The FTSE 250-listed engineer said in a statement on Monday that it has been “reviewing all strategic options” for its aerostructures business, but noted this was at an early stage and there was no certainty it will lead to a transaction.
Reports surfaced on Friday suggesting that Senior was working with adviser Lazard to reach out to buyout firms and aerospace companies over the potential divestment, with a view to seeking as much as £450mln for the division.
Senior said that its aerostructure unit, which supplies components for airplanes, accounting for about 39% of overall revenue, was in trouble back in November from the weakening aerostructures markets.

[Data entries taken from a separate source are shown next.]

(* Let $G$ be an abelian Hausdorff topological group in which every cyclic subgroup is discrete. The following are equivalent: (i) $G$ contains an infinite absolutely summable set; (ii) $G$ contains a subgroup topologically isomorphic to $P_B$ for some infinite subset $B$ of $G$. Furthermore, if $G$ is complete, these are also equivalent to: (iii) $G$ contains an infinite absolutely Cauchy summable set.
   Context: For $a\in G$, $\langle a\rangle$ is the cyclic subgroup generated by $a$ with the subspace topology, and $P_B=\prod_{b\in B}\langle b\rangle$ carries the Tychonoff product topology. $A\subseteq G$ is absolutely summable if for every family $\{z_a:a\in A\}$ of integers there is $g\in G$ such that for every neighbourhood $U$ of $0$ there is a finite $F\subseteq A$ with $g-\sum_{a\in E}z_aa\in U$ for every finite $E\subseteq A$ containing $F$. $A$ is absolutely Cauchy summable if for every neighbourhood $U$ of $0$ there is a finite $F\subseteq A$ such that the subgroup generated by $A\setminus F$ is contained in $U$. *)

From HB Require Import structures.
From mathcomp Require Import all_boot all_order all_algebra.
From mathcomp Require Import all_classical all_reals all_analysis.
Set Implicit Arguments. Unset Strict Implicit. Unset Printing Implicit Defensive.
Import Order.TTheory GRing.Theory Num.Theory.
Local Open Scope classical_set_scope.
Local Open Scope ring_scope.

Section Defs.
Variable G : topologicalZmodType.

Definition cyclic_sub (a : G) : set G := [set a *~ n | n in [set: int]].

Definition discrete_subset (S : set G) : Prop :=
  forall x, S x -> exists U : set G, open U /\ U `&` S = [set x].

Definition cyclic_subgroups_discrete : Prop :=
  forall a : G, discrete_subset (cyclic_sub a).

Definition abs_summable (A : set G) : Prop :=
  forall z : G -> int, exists g : G,
    forall U : set G, nbhs (0 : G) U ->
      exists F : set G, [/\ finite_set F, F `<=` A &
        forall E : set G, finite_set E -> F `<=` E -> E `<=` A ->
          U (g - \sum_(a \in E) a *~ z a)].

Definition is_subgroup (H : set G) : Prop :=
  H 0 /\ (forall x y, H x -> H y -> H (x - y)).

Definition gen_subgroup (S : set G) : set G :=
  [set x | forall H : set G, is_subgroup H -> S `<=` H -> H x].

Definition abs_cauchy_summable (A : set G) : Prop :=
  forall U : set G, nbhs (0 : G) U ->
    exists F : set G, [/\ finite_set F, F `<=` A & gen_subgroup (A `\` F) `<=` U].

(* Cauchy filters for the (unique, G abelian) group uniformity *)
Definition group_cauchy (F : set_system G) : Prop :=
  forall U : set G, nbhs (0 : G) U ->
    exists A : set G, F A /\ (forall x y, A x -> A y -> U (x - y)).

Definition group_complete : Prop :=
  forall F : set_system G, ProperFilter F -> group_cauchy F -> exists l : G, F --> l.

(* P_B, realised as the set of maps f : G -> G with f b in <b> for b in B
   and f x = 0 off B; it carries the subspace topology of the product
   (Tychonoff = pointwise) topology {ptws G -> G}. *)
Definition PB (B : set G) : set {ptws G -> G} :=
  [set f | (forall b, B b -> cyclic_sub b (f b)) /\ (forall x, ~ B x -> f x = 0)].
(* Let $P = u_1;\ldots;u_k$ ($k\ge 1$) be any PGLD program whose basic instructions are of the form $f.m$ with $f\in\mathrm{Foci}$, $m\in\mathrm{Meth}$. Let $t_P$ be the molecular dynamics state reached from the initial state $t_{\mathrm{init}}$ by executing the PGA program $\mathrm{pgldmd}(P)$, i.e. by applying $\mathrm{eff}$ successively for the methods of its instructions in order. Then $$|P|_{\mathrm{PGLD}} = \tau_{\mathrm{tau}}\big(|I| /_{\mathsf{md}} \mathrm{MDS}_{t_P}\big).$$
   Context: Threads. Let $A$ be a set of basic actions, $\tau\notin A$. Threads are built from $\mathsf S$ (termination), $\mathsf D$ (deadlock) and postconditional composition $x\unlhd a\unrhd y$ for $a\in A\cup\{\tau\}$ (perform $a$, then continue as $x$ if the reply is true, as $y$ if false); $a\circ x$ abbreviates $x\unlhd a\unrhd x$, and $x\unlhd\tau\unrhd y=\tau\circ x$. Threads are taken in the projective limit model: projections are $\pi_0(x)=\mathsf D$, $\pi_{n+1}(\mathsf S)=\mathsf S$, $\pi_{n+1}(\mathsf D)=\mathsf D$, $\pi_{n+1}(x\unlhd a\unrhd y)=\pi_n(x)\unlhd a\unrhd\pi_n(y)$; two threads are equal iff all their projections are equal; every guarded system of recursion equations has a unique solution. PGA. A PGA program is a finite, or eventually periodic infinite, sequence $v_1v_2\ldots$ (written with $;$ and $Y^\omega=Y;Y;\ldots$) of primitive instructions: basic instruction $a$, positive test $+a$, negative test $-a$, forward jump $\#l$ ($l\in\mathbb N$), termination $!$. Its behaviour $|X|$ is $T_1$ where: $T_i=\mathsf D$ if $i$ exceeds the length; if $v_i=a$ then $T_i=a\circ T_{i+1}$; if $v_i=+a$ then $T_i=T_{i+1}\unlhd a\unrhd T_{i+2}$; if $v_i=-a$ then $T_i=T_{i+2}\unlhd a\unrhd T_{i+1}$; if $v_i=\#l$ then $T_i=T_{i+l}$ for $l>0$ and $T_i=\mathsf D$ for $l=0$; if $v_i=!$ then $T_i=\mathsf S$; and $T_i=\mathsf D$ whenever the chain of jumps starting at position $i$ is infinite. PGLD. A PGLD program $u_1;\ldots;u_k$ consists of instructions $a$, $+a$, $-a$ (as in PGA) and absolute jumps $\#\#l$ ($l\in\mathbb N$). Its behaviour is $|P|_{\mathrm{PGLD}}=|(\psi_1(u_1);\ldots;\psi_k(u_k);!;!)^\omega|$ where $\psi_j(\#\#l)=\#(l-j)$ if $j\le l\le k$, $\psi_j(\#\#l)=\#(k+2-(j-l))$ if $0<l<j$, $\psi_j(\#\#l)=!$ if $l=0$ or $l>k$, and $\psi_j(u)=u$ for non-jump $u$. Molecular dynamics. Fix a finite set $\mathrm{Spot}$ of spots with a total order $\le$; finite disjoint sets $\mathrm{Foci}$ (foci) and $\mathrm{Meth}$ (methods) with $\mathrm{Foci},\mathrm{Meth}\subseteq\mathrm{Spot}$; a finite set $\mathrm{Field}$ containing distinct fields $\mathsf{stop},\mathsf{ajmp},\mathsf{focus},\mathsf{method},\mathsf{pos},\mathsf{neg}$; an infinite countable set $\mathrm{PAtom}$ of proto-atoms, $\bot\notin\mathrm{PAtom}$, with a bijection $\mathrm{proatom}:\mathbb N_{\ge1}\to\mathrm{PAtom}$. The basic actions are $f.m$ ($f\in\mathrm{Foci},m\in\mathrm{Meth}$) and $\mathsf{md}.m$ for the molecular dynamics methods $m$ below, where $\mathsf{md}$ is a focus name not in $\mathrm{Foci}$. A state is $\uparrow$ or a pair $\langle\sigma,\alpha\rangle$ with $\sigma:\mathrm{Spot}\to\mathrm{PAtom}\cup\{\bot\}$, $\alpha$ a map from a finite set $\mathrm{dom}(\alpha)\subseteq\mathrm{PAtom}$ (the atoms) assigning to each atom $a$ a map $\alpha(a)$ from a finite set of fields to $\mathrm{PAtom}\cup\{\bot\}$, with all values of $\sigma$ and of each $\alpha(a)$ in $\mathrm{dom}(\alpha)\cup\{\bot\}$. $t_{\mathrm{init}}$ is the state with $\mathrm{dom}(\alpha)=\emptyset$ (so $\sigma\equiv\bot$). For each method $m$ and state $t$ there is a new state $\mathrm{eff}(m,t)$ and a yield $\mathrm{yld}(m,t)\in\{T,F,M,B\}$; unless stated, the state is unchanged. In state $\langle\sigma,\alpha\rangle$ (with $s,s'\in\mathrm{Spot}$, $v\in\mathrm{Field}$; ''$v$ is a field of $s$'' means $\sigma(s)\ne\bot$ and $v\in\mathrm{dom}(\alpha(\sigma(s)))$): $\mathsf{create}(s)$: with $a=\mathrm{proatom}(n+1)$, $n=\max\{n' : \mathrm{proatom}(n')\in\mathrm{dom}(\alpha)\}$ ($\max\emptyset=0$), set $\sigma(s):=a$, add atom $a$ with no fields; yield $T$. $\mathsf{setspot}(s,s')$: $\sigma(s):=\sigma(s')$; $T$. $\mathsf{clearspot}(s)$: $\sigma(s):=\bot$; $T$. $\mathsf{equal}(s,s')$: yield $T$ iff $\sigma(s)=\sigma(s')$, else $F$. $\mathsf{undef}(s)$: $T$ iff $\sigma(s)=\bot$, else $F$. $\mathsf{addfield}(s,v)$: if $\sigma(s)\ne\bot$ and $v$ is not a field of $s$, add field $v$ with content $\bot$ to atom $\sigma(s)$, yield $T$; else $F$. $\mathsf{rmvfield}(s,v)$: if $v$ is a field of $s$, remove it, $T$; else $F$. $\mathsf{hasfield}(s,v)$: $T$ iff $v$ is a field of $s$, else $F$. $\mathsf{setfield}(s,v,s')$: if $v$ is a field of $s$, set $\alpha(\sigma(s))(v):=\sigma(s')$, $T$; else $F$. $\mathsf{getfield}(s,s',v)$: if $v$ is a field of $s'$, set $\sigma(s):=\alpha(\sigma(s'))(v)$, $T$; else $F$. $\mathsf{genact}(s,s')$: if $\sigma(s)\ne\bot$, $\sigma(s')\ne\bot$, some $f'\in\mathrm{Foci}$ has $\sigma(f')=\sigma(s)$ and some $m'\in\mathrm{Meth}$ has $\sigma(m')=\sigma(s')$: state unchanged, yield $M$, and the action is transformed into $f.m$ with $f$ the $\le$-least such $f'$ and $m$ the $\le$-least such $m'$; otherwise yield $B$ and new state $\uparrow$. In state $\uparrow$ every method yields $B$ and leads to $\uparrow$. $\mathrm{MDS}_t$ denotes the service in state $t$. Use operator. For a thread $p$ and state $t$, $p/_{\mathsf{md}}\mathrm{MDS}_t$ is determined by: $\mathsf S/\ldots=\mathsf S$; $\mathsf D/\ldots=\mathsf D$; $(\tau\circ x)/_{\mathsf{md}}\mathrm{MDS}_t=\tau\circ(x/_{\mathsf{md}}\mathrm{MDS}_t)$; $(x\unlhd g.m\unrhd y)/_{\mathsf{md}}\mathrm{MDS}_t=(x/_{\mathsf{md}}\mathrm{MDS}_t)\unlhd g.m\unrhd(y/_{\mathsf{md}}\mathrm{MDS}_t)$ for $g\ne\mathsf{md}$; for $a=\mathsf{md}.m$ and $t'=\mathrm{eff}(m,t)$: $(x\unlhd a\unrhd y)/_{\mathsf{md}}\mathrm{MDS}_t$ equals $\tau\circ(x/_{\mathsf{md}}\mathrm{MDS}_{t'})$ if the yield is $T$, $\tau\circ(y/_{\mathsf{md}}\mathrm{MDS}_{t'})$ if $F$, $(x\unlhd f.m'\unrhd y)/_{\mathsf{md}}\mathrm{MDS}_{t'}$ if $M$ with transformed action $f.m'$, and $\mathsf D$ if $B$; for infinite $p$, $\pi_n(p/_{\mathsf{md}}H)=\pi_n(\pi_n(p)/_{\mathsf{md}}H)$. Abstraction. $\tau_{\mathrm{tau}}(p)=\mathsf D$ if $p$ starts with infinitely many $\tau$'s; otherwise $\tau_{\mathrm{tau}}(\mathsf S)=\mathsf S$, $\tau_{\mathrm{tau}}(\mathsf D)=\mathsf D$, $\tau_{\mathrm{tau}}(\tau\circ x)=\tau_{\mathrm{tau}}(x)$, $\tau_{\mathrm{tau}}(x\unlhd a\unrhd y)=\tau_{\mathrm{tau}}(x)\unlhd a\unrhd\tau_{\mathrm{tau}}(y)$ for $a\ne\tau$. Representation. Fix pairwise distinct spots $s,u,v,s_1,\ldots,s_{k+2}\in\mathrm{Spot}\setminus(\mathrm{Foci}\cup\mathrm{Meth})$. In the PGA programs below every instruction has focus $\mathsf{md}$ (omitted). For $P=u_1;\ldots;u_k$ with distinct occurring foci $f_1,\ldots,f_n$ and distinct occurring methods $m_1,\ldots,m_{n'}$: $\mathrm{pgldmd}(P)=\mathsf{create}(f_1);\ldots;\mathsf{create}(f_n);\mathsf{create}(m_1);\ldots;\mathsf{create}(m_{n'});\mathsf{create}(s_1);\ldots;\mathsf{create}(s_{k+2});\rho_1(u_1);\ldots;\rho_k(u_k);\mathsf{addfield}(s_{k+1},\mathsf{stop});\mathsf{addfield}(s_{k+2},\mathsf{stop});\mathsf{setspot}(s,s_1);!$, where for $u_j\in\{f.m,+f.m,-f.m\}$, $\rho_j(u_j)=\mathsf{addfield}(s_j,\mathsf{focus});\mathsf{addfield}(s_j,\mathsf{method});\mathsf{addfield}(s_j,\mathsf{pos});\mathsf{addfield}(s_j,\mathsf{neg});\mathsf{setfield}(s_j,\mathsf{focus},f);\mathsf{setfield}(s_j,\mathsf{method},m);\mathsf{setfield}(s_j,\mathsf{pos},s_{p});\mathsf{setfield}(s_j,\mathsf{neg},s_{q})$ with $(p,q)=(j+1,j+1)$ for $f.m$, $(j+1,j+2)$ for $+f.m$, $(j+2,j+1)$ for $-f.m$; $\rho_j(\#\#l)=\mathsf{addfield}(s_j,\mathsf{ajmp});\mathsf{setfield}(s_j,\mathsf{ajmp},s_l)$ if $1\le l\le k$, and $\rho_j(\#\#l)=\mathsf{addfield}(s_j,\mathsf{stop})$ otherwise. Interpreter. $I=(+\mathsf{hasfield}(s,\mathsf{stop});!;+\mathsf{hasfield}(s,\mathsf{ajmp});\#9;\mathsf{getfield}(u,s,\mathsf{focus});\mathsf{getfield}(v,s,\mathsf{method});+\mathsf{genact}(u,v);\#3;\mathsf{getfield}(s,s,\mathsf{neg});\#4;\mathsf{getfield}(s,s,\mathsf{pos});\#2;\mathsf{getfield}(s,s,\mathsf{ajmp}))^\omega$, all instructions with focus $\mathsf{md}$. *)

From HB Require Import structures.
From mathcomp Require Import all_boot all_order.
From mathcomp Require Import finmap.
From Stdlib Require Import ClassicalEpsilon.

Set Implicit Arguments.
Unset Strict Implicit.
Unset Printing Implicit Defensive.


(* A thread over basic actions A is represented coinductively; tau is  *)
(* a separate constructor since  x <| tau |> y = tau o x.              *)
(* Equality of threads = equality of all projections.                  *)

CoInductive thread (A : Type) : Type :=
| TS : thread A
| TD : thread A
| TTau : thread A -> thread A
| TPost : thread A -> A -> thread A -> thread A.
Arguments TS {A}. Arguments TD {A}.

Inductive fthread (A : Type) : Type :=
| FS : fthread A
| FD : fthread A
| FTau : fthread A -> fthread A
| FPost : fthread A -> A -> fthread A -> fthread A.
Arguments FS {A}. Arguments FD {A}.

Fixpoint proj (A : Type) (n : nat) (p : thread A) : fthread A :=
  match n with
  | 0 => FD
  | n'.+1 =>
    match p with
    | TS => FS
    | TD => FD
    | TTau x => FTau (proj n' x)
    | TPost x a y => FPost (proj n' x) a (proj n' y)
    end
  end.

Definition thr_eq (A : Type) (p q : thread A) : Prop :=
  forall n, proj n p = proj n q.

Definition is_tau (A : Type) (p : thread A) : bool :=
  if p is TTau _ then true else false.

Fixpoint tau_strip (A : Type) (n : nat) (p : thread A) : thread A :=
  match n with
  | 0 => p
  | n'.+1 => if p is TTau x then tau_strip n' x else p
  end.

Definition finite_tau_prefix (A : Type) (p : thread A) : Prop :=
  exists n, ~~ is_tau (tau_strip n p).

Definition strip_all (A : Type) (p : thread A) : option (thread A) :=
  match excluded_middle_informative (finite_tau_prefix p) with
  | left H => Some (tau_strip (proj1_sig (constructive_indefinite_description _ H)) p)
  | right _ => None
  end.

CoFixpoint tau_tau (A : Type) (p : thread A) : thread A :=
  match strip_all p with
  | None => TD
  | Some q =>
    match q with
    | TS => TS
    | TD => TD
    | TTau _ => TD (* impossible *)
    | TPost x a y => TPost (tau_tau x) a (tau_tau y)
    end
  end.

(* PGA: instruction sequences  prefix ; period^omega                    *)
(* (period = [::] means the finite program prefix).                     *)

Inductive pga_instr (A : Type) : Type :=
| IBas : A -> pga_instr A
| IPos : A -> pga_instr A
| INeg : A -> pga_instr A
| IJump : nat -> pga_instr A
| ITerm : pga_instr A.
Arguments ITerm {A}. Arguments IJump {A}.

Record pga (A : Type) := PGA { pga_prefix : seq (pga_instr A);
                               pga_period : seq (pga_instr A) }.

Definition omega (A : Type) (Y : seq (pga_instr A)) : pga A := PGA [::] Y.

(* instruction at (1-based) position i, None if beyond the length *)
Definition instr_at (A : Type) (X : pga A) (i : nat) : option (pga_instr A) :=
  if i == 0 then None else
  let k := i.-1 in
  if k < size (pga_prefix X) then onth (pga_prefix X) k
  else if pga_period X is [::] then None
  else onth (pga_period X) ((k - size (pga_prefix X)) %% size (pga_period X)).

Definition jnext (A : Type) (X : pga A) (i : nat) : option nat :=
  match instr_at X i with
  | Some (IJump l) => if 0 < l then Some (i + l) else None
  | _ => None
  end.

Fixpoint jiter (A : Type) (X : pga A) (n i : nat) : nat :=
  match n with
  | 0 => i
  | n'.+1 => if jnext X i is Some j then jiter X n' j else i
  end.

Definition chain_ends_at (A : Type) (X : pga A) (i j : nat) : Prop :=
  exists n, jiter X n i = j /\ jnext X j = None.

Definition chain_end (A : Type) (X : pga A) (i : nat) : option nat :=
  match excluded_middle_informative (exists j, chain_ends_at X i j) with
  | left H => Some (proj1_sig (constructive_indefinite_description _ H))
  | right _ => None
  end.

CoFixpoint pga_T (A : Type) (X : pga A) (i : nat) : thread A :=
  match chain_end X i with
  | None => TD
  | Some j =>
    match instr_at X j with
    | None => TD
    | Some (IBas a) => TPost (pga_T X j.+1) a (pga_T X j.+1)
    | Some (IPos a) => TPost (pga_T X j.+1) a (pga_T X j.+2)
    | Some (INeg a) => TPost (pga_T X j.+2) a (pga_T X j.+1)
    | Some (IJump _) => TD (* only #0 can occur here *)
    | Some ITerm => TS
    end
  end.

Definition pga_beh (A : Type) (X : pga A) : thread A := pga_T X 1.

Section MD.
Local Open Scope fset_scope.
Local Open Scope fmap_scope.
Context {d : Order.disp_t} {Spot : finOrderType d} {Field : finType}
        {PAtom : choiceType}.

Inductive mdm : Type :=
| create of Spot
| setspot of Spot & Spot
| clearspot of Spot
| equal of Spot & Spot
| undef of Spot
| addfield of Spot & Field
| rmvfield of Spot & Field
| hasfield of Spot & Field
| setfield of Spot & Field & Spot
| getfield of Spot & Spot & Field
| genact of Spot & Spot.

(* basic actions: f.m (f, m spots naming a focus and a method), and md.m *)
Inductive bact : Type :=
| Bas of Spot & Spot
| MD of mdm.

(* a proper state <sigma, alpha>; alpha is a finite map from atoms to
   finite maps from fields to PAtom + bot (None = bot) *)
Record mdstate := MDState {
  sigma : Spot -> option PAtom;
  alpha : {fmap PAtom -> {fmap Field -> option PAtom}} }.

(* a state: None = the error state "up", Some st = <sigma, alpha> *)
Definition mstate := option mdstate.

At the time, it announced a £20mln restructuring programme to address low revenues at the aerospace divisions, as well as Flexonics, which included plans to reduce staff headcount, transfer major work packages to South East Asia and close a South Carolina plant by early 2020.
Since September, Senior has sold two non-core businesses, which accounted for less than 2% of 2018 group revenue, which added slightly to its 2019 adjusted earnings.
“It is Senior's policy to review its portfolio on an ongoing basis and evaluate all its operating businesses in terms of their strategic fit within the group,” said the firm on Monday.
However, a final decision hasn’t been made and Senior may still decide to keep the unit.
Shares were up 6% at 188p in mid-morning trading on Monday.